→ **Exercise requirements**
Lines that contain the string "notin" are the ones to list; copy all of them from the records.
──────── Exercise material
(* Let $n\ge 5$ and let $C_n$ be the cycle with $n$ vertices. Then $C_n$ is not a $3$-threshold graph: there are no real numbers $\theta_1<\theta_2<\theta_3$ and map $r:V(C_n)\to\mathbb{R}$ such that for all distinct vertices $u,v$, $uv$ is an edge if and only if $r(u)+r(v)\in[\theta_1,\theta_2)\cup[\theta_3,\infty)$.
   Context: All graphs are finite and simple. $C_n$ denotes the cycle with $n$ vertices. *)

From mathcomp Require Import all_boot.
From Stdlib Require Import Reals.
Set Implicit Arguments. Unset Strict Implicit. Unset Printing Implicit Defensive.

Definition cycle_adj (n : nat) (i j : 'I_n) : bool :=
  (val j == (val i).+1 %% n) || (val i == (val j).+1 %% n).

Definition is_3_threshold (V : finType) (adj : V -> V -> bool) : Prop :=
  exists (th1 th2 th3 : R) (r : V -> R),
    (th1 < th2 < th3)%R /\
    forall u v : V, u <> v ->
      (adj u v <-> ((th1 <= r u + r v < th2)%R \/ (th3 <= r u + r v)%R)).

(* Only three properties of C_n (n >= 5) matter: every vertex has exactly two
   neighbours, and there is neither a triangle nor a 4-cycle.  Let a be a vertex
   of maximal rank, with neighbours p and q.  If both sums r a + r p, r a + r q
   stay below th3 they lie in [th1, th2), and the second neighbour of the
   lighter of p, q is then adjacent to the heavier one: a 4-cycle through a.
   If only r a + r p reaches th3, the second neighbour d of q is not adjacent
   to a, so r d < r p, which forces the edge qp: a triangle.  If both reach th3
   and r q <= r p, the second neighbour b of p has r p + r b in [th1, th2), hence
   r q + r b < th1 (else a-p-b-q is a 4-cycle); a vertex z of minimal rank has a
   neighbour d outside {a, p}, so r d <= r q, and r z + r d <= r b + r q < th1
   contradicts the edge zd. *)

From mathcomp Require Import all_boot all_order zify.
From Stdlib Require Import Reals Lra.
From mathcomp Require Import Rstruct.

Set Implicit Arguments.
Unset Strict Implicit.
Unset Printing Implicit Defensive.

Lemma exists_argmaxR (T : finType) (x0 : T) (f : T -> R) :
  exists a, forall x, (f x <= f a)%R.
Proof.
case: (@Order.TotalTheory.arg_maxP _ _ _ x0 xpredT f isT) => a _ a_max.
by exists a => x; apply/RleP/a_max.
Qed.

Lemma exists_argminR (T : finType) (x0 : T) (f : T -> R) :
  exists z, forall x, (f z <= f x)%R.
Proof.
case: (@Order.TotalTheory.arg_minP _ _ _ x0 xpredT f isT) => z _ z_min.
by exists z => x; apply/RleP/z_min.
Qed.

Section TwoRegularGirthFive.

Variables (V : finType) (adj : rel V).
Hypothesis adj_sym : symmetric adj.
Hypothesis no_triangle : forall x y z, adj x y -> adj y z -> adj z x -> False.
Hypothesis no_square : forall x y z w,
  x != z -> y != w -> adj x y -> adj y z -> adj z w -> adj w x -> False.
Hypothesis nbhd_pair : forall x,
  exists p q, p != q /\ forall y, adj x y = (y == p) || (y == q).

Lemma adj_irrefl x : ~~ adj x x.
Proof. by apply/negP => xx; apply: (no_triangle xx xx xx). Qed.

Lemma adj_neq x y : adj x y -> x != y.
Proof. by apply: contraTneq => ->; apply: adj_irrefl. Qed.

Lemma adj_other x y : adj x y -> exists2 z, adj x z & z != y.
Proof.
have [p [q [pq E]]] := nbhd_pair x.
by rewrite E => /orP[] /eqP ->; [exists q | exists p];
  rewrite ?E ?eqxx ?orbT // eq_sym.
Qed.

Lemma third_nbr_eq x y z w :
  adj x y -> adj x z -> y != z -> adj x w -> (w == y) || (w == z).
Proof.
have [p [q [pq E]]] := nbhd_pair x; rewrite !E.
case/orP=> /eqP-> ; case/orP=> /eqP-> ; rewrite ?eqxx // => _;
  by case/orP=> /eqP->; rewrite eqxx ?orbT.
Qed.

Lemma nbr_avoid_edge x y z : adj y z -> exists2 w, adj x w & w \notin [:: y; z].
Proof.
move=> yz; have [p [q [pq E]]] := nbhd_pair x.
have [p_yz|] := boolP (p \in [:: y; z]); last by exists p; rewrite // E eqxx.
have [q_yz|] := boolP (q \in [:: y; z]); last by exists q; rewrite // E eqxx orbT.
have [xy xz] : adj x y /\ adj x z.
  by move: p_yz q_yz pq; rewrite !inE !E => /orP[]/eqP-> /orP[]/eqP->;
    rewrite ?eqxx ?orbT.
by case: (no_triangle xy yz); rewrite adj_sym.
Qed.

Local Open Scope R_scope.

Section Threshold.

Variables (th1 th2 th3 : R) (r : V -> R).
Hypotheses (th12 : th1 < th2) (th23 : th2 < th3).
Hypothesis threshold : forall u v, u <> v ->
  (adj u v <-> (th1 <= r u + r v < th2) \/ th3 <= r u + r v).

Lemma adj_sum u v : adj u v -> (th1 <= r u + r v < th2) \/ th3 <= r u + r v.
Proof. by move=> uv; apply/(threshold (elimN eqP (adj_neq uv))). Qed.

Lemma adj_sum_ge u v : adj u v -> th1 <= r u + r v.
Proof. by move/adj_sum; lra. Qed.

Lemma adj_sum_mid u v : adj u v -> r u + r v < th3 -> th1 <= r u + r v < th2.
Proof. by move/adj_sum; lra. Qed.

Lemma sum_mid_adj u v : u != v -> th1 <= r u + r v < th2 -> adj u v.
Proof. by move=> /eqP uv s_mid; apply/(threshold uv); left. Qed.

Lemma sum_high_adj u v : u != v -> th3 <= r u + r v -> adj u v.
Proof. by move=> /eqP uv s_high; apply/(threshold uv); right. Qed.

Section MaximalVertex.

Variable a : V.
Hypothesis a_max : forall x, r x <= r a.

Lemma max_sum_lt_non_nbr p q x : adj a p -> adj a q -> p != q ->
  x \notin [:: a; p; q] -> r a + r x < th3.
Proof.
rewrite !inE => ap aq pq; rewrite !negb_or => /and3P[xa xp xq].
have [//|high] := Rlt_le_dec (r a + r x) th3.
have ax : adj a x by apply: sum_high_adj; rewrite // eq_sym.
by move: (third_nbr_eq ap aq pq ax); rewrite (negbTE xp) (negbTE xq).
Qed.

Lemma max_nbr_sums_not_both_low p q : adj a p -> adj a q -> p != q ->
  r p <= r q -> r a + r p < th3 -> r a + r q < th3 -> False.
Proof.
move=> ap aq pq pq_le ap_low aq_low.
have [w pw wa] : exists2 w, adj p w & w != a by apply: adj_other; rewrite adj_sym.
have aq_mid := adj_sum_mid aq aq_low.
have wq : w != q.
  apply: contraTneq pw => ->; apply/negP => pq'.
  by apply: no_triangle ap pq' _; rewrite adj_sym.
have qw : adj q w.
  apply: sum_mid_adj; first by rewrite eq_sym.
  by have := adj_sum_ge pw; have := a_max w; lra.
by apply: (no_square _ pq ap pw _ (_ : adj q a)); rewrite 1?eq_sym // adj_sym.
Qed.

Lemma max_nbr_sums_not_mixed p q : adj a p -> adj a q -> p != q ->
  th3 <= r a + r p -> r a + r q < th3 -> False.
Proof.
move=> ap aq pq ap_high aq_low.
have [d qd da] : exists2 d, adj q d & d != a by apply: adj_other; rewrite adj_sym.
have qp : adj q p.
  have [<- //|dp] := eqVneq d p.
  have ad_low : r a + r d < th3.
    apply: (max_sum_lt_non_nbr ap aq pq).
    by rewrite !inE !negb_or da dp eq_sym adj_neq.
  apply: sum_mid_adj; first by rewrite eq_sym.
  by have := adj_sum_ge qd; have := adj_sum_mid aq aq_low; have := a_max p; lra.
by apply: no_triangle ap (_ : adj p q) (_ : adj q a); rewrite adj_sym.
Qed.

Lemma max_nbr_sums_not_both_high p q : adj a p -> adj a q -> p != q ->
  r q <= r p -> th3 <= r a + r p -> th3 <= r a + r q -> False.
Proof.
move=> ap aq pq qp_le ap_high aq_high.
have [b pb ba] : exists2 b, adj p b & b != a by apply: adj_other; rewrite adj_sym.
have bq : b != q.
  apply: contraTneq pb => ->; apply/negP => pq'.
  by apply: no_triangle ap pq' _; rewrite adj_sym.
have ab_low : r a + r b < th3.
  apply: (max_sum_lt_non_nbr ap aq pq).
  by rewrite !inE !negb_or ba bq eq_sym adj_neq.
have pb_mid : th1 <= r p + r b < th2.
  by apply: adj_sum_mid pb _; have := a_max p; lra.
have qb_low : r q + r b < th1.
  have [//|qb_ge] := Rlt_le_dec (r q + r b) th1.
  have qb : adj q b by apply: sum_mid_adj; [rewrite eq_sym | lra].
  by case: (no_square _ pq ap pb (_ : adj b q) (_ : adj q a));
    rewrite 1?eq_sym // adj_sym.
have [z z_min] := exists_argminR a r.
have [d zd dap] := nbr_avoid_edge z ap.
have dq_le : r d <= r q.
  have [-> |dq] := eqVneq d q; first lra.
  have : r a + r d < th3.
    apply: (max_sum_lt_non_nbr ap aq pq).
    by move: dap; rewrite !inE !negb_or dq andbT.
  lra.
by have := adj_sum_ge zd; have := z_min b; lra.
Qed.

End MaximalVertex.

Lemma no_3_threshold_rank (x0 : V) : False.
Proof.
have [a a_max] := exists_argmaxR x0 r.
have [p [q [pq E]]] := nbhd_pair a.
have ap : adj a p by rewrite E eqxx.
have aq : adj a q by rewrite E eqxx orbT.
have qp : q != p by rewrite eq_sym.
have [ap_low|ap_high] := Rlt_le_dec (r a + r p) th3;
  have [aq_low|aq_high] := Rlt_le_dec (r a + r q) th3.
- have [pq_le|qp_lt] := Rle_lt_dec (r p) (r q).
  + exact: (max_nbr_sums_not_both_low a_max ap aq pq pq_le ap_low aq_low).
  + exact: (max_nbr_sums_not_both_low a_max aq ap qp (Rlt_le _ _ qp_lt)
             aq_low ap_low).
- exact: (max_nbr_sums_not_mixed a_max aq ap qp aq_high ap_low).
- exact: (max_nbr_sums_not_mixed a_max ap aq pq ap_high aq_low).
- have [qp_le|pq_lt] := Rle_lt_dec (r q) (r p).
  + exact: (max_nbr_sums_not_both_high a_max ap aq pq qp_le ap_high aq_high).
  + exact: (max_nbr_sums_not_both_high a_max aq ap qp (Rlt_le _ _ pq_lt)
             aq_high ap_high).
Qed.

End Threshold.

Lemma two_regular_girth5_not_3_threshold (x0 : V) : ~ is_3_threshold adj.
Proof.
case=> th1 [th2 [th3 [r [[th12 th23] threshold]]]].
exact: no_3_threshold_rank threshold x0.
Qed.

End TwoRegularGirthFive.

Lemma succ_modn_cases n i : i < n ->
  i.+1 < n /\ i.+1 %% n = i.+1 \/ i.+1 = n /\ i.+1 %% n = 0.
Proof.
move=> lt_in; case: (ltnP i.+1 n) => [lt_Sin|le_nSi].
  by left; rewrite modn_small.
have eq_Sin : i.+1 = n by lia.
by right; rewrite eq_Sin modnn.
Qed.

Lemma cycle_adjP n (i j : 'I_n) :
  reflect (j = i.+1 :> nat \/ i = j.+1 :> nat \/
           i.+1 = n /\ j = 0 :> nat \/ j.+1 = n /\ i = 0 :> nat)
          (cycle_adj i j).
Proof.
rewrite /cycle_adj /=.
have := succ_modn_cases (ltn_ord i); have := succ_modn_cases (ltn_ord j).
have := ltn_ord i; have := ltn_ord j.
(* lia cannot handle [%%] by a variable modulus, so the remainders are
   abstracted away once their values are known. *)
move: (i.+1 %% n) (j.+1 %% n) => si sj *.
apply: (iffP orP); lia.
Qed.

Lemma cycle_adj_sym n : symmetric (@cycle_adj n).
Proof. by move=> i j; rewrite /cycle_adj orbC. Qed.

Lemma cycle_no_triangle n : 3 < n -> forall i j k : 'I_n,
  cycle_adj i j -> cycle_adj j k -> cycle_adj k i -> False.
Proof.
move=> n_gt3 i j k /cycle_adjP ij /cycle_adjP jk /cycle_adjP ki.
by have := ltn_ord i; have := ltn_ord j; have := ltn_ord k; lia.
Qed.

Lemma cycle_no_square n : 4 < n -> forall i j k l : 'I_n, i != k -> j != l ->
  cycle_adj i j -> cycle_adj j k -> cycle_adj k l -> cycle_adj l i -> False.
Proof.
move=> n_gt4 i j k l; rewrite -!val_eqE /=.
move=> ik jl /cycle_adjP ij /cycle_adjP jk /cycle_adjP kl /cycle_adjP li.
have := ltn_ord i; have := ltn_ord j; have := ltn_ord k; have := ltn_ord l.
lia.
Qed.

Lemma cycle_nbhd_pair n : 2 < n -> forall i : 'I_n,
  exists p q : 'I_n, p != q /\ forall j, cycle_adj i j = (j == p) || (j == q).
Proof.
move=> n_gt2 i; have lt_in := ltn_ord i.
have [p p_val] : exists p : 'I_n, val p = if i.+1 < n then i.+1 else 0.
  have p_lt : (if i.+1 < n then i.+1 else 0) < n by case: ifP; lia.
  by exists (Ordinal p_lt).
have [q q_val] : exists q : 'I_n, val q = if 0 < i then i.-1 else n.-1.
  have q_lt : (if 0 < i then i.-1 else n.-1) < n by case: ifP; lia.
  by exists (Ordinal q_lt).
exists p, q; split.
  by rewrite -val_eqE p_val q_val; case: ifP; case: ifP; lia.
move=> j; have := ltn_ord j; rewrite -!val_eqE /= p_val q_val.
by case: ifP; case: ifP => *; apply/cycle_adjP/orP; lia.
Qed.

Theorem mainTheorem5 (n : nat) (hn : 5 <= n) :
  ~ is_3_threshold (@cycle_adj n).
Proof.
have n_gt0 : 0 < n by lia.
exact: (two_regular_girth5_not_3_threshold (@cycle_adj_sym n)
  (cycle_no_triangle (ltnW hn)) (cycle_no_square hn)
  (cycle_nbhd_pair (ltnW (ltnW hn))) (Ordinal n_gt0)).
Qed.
────────────────
→ **Result of this exercise**
Lemma nbr_avoid_edge x y z : adj y z -> exists2 w, adj x w & w \notin [:: y; z].
  x \notin [:: a; p; q] -> r a + r x < th3.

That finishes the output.